Below are just a few of the many exclusions found in General Commercial Liability Policies. These exclusions highlight the importance of contract review, both by your insurance agent and by a construction attorney. Agents can recommend policy riders and endorsements to address these gaps, while a good construction attorney can suggest contract revisions to insurance and indemnification requirements to better protect the contractor
- The "wrap-up clause:" Wrap up insurance programs, whether Owner or Contractor controlled (OCIP or CCIP), have become prevalent in today's construction industry. However, most CGL policies exclude from coverage "bodily injury or property damage arising out of any project that is or was subject to a wrap-up insurance program." Genting New York LLC v. Navigators Ins.
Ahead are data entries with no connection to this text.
(* Let $M=([n],\mathscr C)$ be a simple matroid. Let $B$ be the set of circuits $C\in\mathscr C$ that cannot be obtained by pasting, i.e. for which there are no circuits $C_1,C_2$ with $|C_1\cap C_2|=1$ and $C_1\triangle C_2=C$. Then $B$ is a tropical basis of $M$.
   Context: A matroid is simple if every circuit has cardinality greater than $2$. Let ${\bf TP}^{n-1}$ be the tropical projective space over $(\mathbb R\cup\{-\infty\},\max,+)$. For a circuit $C$, $V(C)$ is the set of $x\in{\bf TP}^{n-1}$ such that $\max\{x_i:i\in C\}$ is attained at least twice. For $B\subseteq\mathscr C$, set $V(B)=\bigcap_{C\in B}V(C)$. A subset $B\subseteq\mathscr C$ is a tropical basis if $V(B)=V(\mathscr C)$. $\triangle$ denotes symmetric difference. *)

From HB Require Import structures.
From mathcomp Require Import all_boot all_order all_algebra.
From mathcomp Require Import reals.
Set Implicit Arguments. Unset Strict Implicit. Unset Printing Implicit Defensive.
Import Order.TTheory GRing.Theory Num.Theory.
Local Open Scope ring_scope.

Definition is_matroid_circuits (n : nat) (circ : {set {set 'I_n}}) : Prop :=
  [/\ set0 \notin circ,
      (forall C1 C2, C1 \in circ -> C2 \in circ -> C1 \subset C2 -> C1 = C2) &
      (forall C1 C2 e, C1 \in circ -> C2 \in circ -> C1 != C2 ->
         e \in C1 :&: C2 ->
         exists2 C3, C3 \in circ & C3 \subset (C1 :|: C2) :\ e)].

Definition simple_matroid (n : nat) (circ : {set {set 'I_n}}) : Prop :=
  forall C, C \in circ -> (2 < #|C|)%N.

(** Tropical numbers R ∪ {-oo}: [None] is -oo. *)
Definition trop (R : realType) := option R.

Definition trop_le (R : realType) (a b : trop R) : bool :=
  match a, b with
  | None, _ => true
  | Some _, None => false
  | Some x, Some y => x <= y
  end.

(** Representatives of points of TP^{n-1}: vectors in (R ∪ {-oo})^n not
    identically -oo.  (All sets V(.) below are invariant under adding a
    real constant, so working with representatives is harmless.) *)
Definition TP_point (R : realType) (n : nat) (x : 'I_n -> trop R) : Prop :=
  exists i, x i != None.

Definition in_V (R : realType) (n : nat) (C : {set 'I_n}) (x : 'I_n -> trop R)
  : Prop :=
  exists i j, [/\ i \in C, j \in C, i != j, x i = x j &
                  forall k, k \in C -> trop_le (x k) (x i)].

Definition V_of (R : realType) (n : nat) (B : {set {set 'I_n}})
  (x : 'I_n -> trop R) : Prop :=
  TP_point x /\ forall C, C \in B -> in_V C x.

Definition tropical_basis (R : realType) (n : nat)
  (circ B : {set {set 'I_n}}) : Prop :=
  B \subset circ /\
  forall x : 'I_n -> trop R, V_of B x <-> V_of circ x.

Definition nonpasted (n : nat) (circ : {set {set 'I_n}}) : {set {set 'I_n}} :=
  [set C in circ | ~~ [exists C1 in circ, exists C2 in circ,
      (#|C1 :&: C2| == 1)%N && ((C1 :\: C2) :|: (C2 :\: C1) == C)]].

From mathcomp Require Import all_boot all_order all_algebra reals.
From mathcomp Require Import zify.
Import Order.TTheory GRing.Theory Num.Theory.

Set Implicit Arguments.
Unset Strict Implicit.
Unset Printing Implicit Defensive.

(* If C1 ∩ C2 = {e}, a point of V(C1) ∩ V(C2) lies in V(C1 △ C2): take a
   maximiser k ≠ e of x on the circuit with the larger maximum, say C1; then k
   is a maximiser on C1 △ C2, and its tie is either another element of C1 \ C2
   or e, in which case the maximum of C2 equals that of C1 and is attained on
   C2 \ C1.  In a simple matroid both C1 and C2 are strictly smaller than
   C1 △ C2, so induction on the size of circuits reduces V(C) to V(B). *)

Local Notation symdiff C1 C2 := ((C1 :\: C2) :|: (C2 :\: C1)).

Section TropicalOrder.
Variable R : realType.
Implicit Types a b c : trop R.

Lemma trop_le_trans a b c : trop_le a b -> trop_le b c -> trop_le a c.
Proof. by case: a => [a|]; case: b => [b|]; case: c => [c|] //=; apply: le_trans. Qed.

Lemma trop_le_total a b : trop_le a b || trop_le b a.
Proof. by case: a => [a|]; case: b => [b|] //=; apply: le_total. Qed.

Lemma trop_le_anti a b : trop_le a b -> trop_le b a -> a = b.
Proof.
case: a => [a|]; case: b => [b|] //= hab hba.
by congr Some; apply/eqP; rewrite eq_le hab hba.
Qed.

End TropicalOrder.

Section Pasting.
Variables (R : realType) (n : nat) (x : 'I_n -> trop R).
Implicit Types C : {set 'I_n}.

Lemma in_V_max_avoid C e : in_V C x ->
  exists k l, k != e /\ [/\ k \in C, l \in C, k != l, x k = x l &
                             forall z, z \in C -> trop_le (x z) (x k)].
Proof.
case=> i [j [hi hj hij hxij maxi]].
have [hie|hie] := eqVneq i e; last by exists i, j.
exists j, i; split; first by rewrite -hie eq_sym.
split => //; first by rewrite eq_sym.
by move=> z /maxi; rewrite hxij.
Qed.

Lemma in_setD_setI1 C1 C2 e k :
  C1 :&: C2 = [set e] -> k \in C1 -> k != e -> k \in C1 :\: C2.
Proof.
move=> hI hk hke; rewrite inE hk andbT; apply: contra hke => hk2.
by rewrite -in_set1 -hI inE hk hk2.
Qed.

Lemma in_V_symdiff_le C1 C2 e k l k' :
  C1 :&: C2 = [set e] ->
  k \in C1 -> l \in C1 -> k != e -> k != l -> x k = x l ->
  (forall z, z \in C1 -> trop_le (x z) (x k)) ->
  k' \in C2 -> k' != e -> (forall z, z \in C2 -> trop_le (x z) (x k')) ->
  trop_le (x k') (x k) ->
  in_V (symdiff C1 C2) x.
Proof.
move=> hI hk hl hke hkl hxkl maxk hk' hk'e maxk' hle.
have hI' : C2 :&: C1 = [set e] by rewrite setIC.
have kD := in_setD_setI1 hI hk hke.
have maxD z : z \in symdiff C1 C2 -> trop_le (x z) (x k).
  rewrite !inE => /orP[/andP[_ /maxk] //|/andP[_ /maxk'] hz].
  exact: trop_le_trans hz hle.
have [hlE|hlNe] := eqVneq l e; last first.
  exists k, l; split => //; first by rewrite inE kD.
  by rewrite inE (in_setD_setI1 hI hl hlNe).
have k'D := in_setD_setI1 hI' hk' hk'e.
exists k, k'; split => //.
- by rewrite inE kD.
- by rewrite inE k'D orbT.
- by apply: contraTneq k'D => <-; rewrite inE hk.
- have he2 : e \in C2 by move: (set11 e); rewrite -hI inE => /andP[].
  by apply: trop_le_anti hle; rewrite hxkl hlE; apply: maxk'.
Qed.

Lemma in_V_symdiff C1 C2 : #|C1 :&: C2| = 1%N ->
  in_V C1 x -> in_V C2 x -> in_V (symdiff C1 C2) x.
Proof.
move=> /eqP/cards1P[e hI] hV1 hV2.
have [k [l [hke [hk hl hkl hxkl maxk]]]] := in_V_max_avoid e hV1.
have [k' [l' [hk'e [hk' hl' hkl' hxkl' maxk']]]] := in_V_max_avoid e hV2.
case/orP: (trop_le_total (x k') (x k)) => hle.
  exact: (in_V_symdiff_le hI hk hl hke hkl hxkl maxk hk' hk'e maxk' hle).
rewrite setUC; apply: (in_V_symdiff_le _ hk' hl' hk'e hkl' hxkl' maxk' hk hke maxk hle).
by rewrite setIC.
Qed.

End Pasting.

Lemma card_symdiff_setI1 (T : finType) (C1 C2 : {set T}) :
  #|C1 :&: C2| = 1%N -> (#|symdiff C1 C2| + 2 = #|C1| + #|C2|)%N.
Proof.
move=> h1.
have hdis : (C1 :\: C2) :&: (C2 :\: C1) = set0.
  by apply/setP => z; rewrite !inE; case: (z \in C1); case: (z \in C2).
have := cardsID C2 C1; have := cardsID C1 C2.
by rewrite cardsU hdis cards0 subn0 setIC h1; lia.
Qed.

Lemma nonpasted_sub n (circ : {set {set 'I_n}}) : nonpasted circ \subset circ.
Proof. by apply/subsetP => C; rewrite inE => /andP[]. Qed.

Lemma pasted_circuitP n (circ : {set {set 'I_n}}) C :
  C \in circ -> C \notin nonpasted circ ->
  exists C1 C2, [/\ C1 \in circ, C2 \in circ, #|C1 :&: C2| = 1%N &
                    symdiff C1 C2 = C].
Proof.
move=> hC; rewrite inE hC negbK => /existsP[C1 /andP[hC1]].
by case/existsP=> C2 /and3P[hC2 /eqP h1 /eqP hD]; exists C1, C2.
Qed.

Lemma in_V_of_nonpasted (R : realType) n (circ : {set {set 'I_n}})
    (x : 'I_n -> trop R) :
  simple_matroid circ -> (forall C, C \in nonpasted circ -> in_V C x) ->
  forall C, C \in circ -> in_V C x.
Proof.
move=> hs hB C; have [m] := ubnP #|C|; elim: m C => // m IH C /ltnSE hCm hC.
have [|hCB] := boolP (C \in nonpasted circ); first exact: hB.
have [C1 [C2 [hC1 hC2 h1 hD]]] := pasted_circuitP hC hCB; subst C.
have hcard := card_symdiff_setI1 h1.
have s1 := hs _ hC1; have s2 := hs _ hC2.
by apply: in_V_symdiff => //; apply: IH => //; lia.
Qed.

Theorem lemma3 (R : realType) (n : nat) (circ : {set {set 'I_n}}) :
  is_matroid_circuits circ -> simple_matroid circ ->
  tropical_basis R circ (nonpasted circ).
Proof.
move=> _ hs; split; first exact: nonpasted_sub.
move=> x; split=> -[tp hV]; split=> // C hC.
- exact: (in_V_of_nonpasted hs hV).
- exact/hV/(subsetP (nonpasted_sub circ)).
Qed.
Co., 48 Misc. 3d 1211(A) (N.Y. Sup. Ct. 2015). A "gap" problem arises when the wrap-up policy disclaims coverage for any number of reasons (perhaps there was not a written contract between the sub and the contractor) and the sub looks to its own policy for coverage.
- Assumed Contractual Liability: This exclusion effectively denies coverage for claims arising out of liability assumed by the contractor for which it would normally have no common law or statutory obligation. As an example, if a contractor assumes a duty to defend and indemnify a third party architect for property damage that is not the result of the contractor's own negligence, this exclusion would likely be asserted by the insurance company to deny coverage. Consequential and liquidated damage clauses might trigger this exclusion as well.
- Completed Operations: The contractor needs protection not only from claims which may arise during its time on the job, but claims asserted years after the work has been completed. If your CGL policy does not have "completed operations" coverage, these post-completion claims will generally not be covered.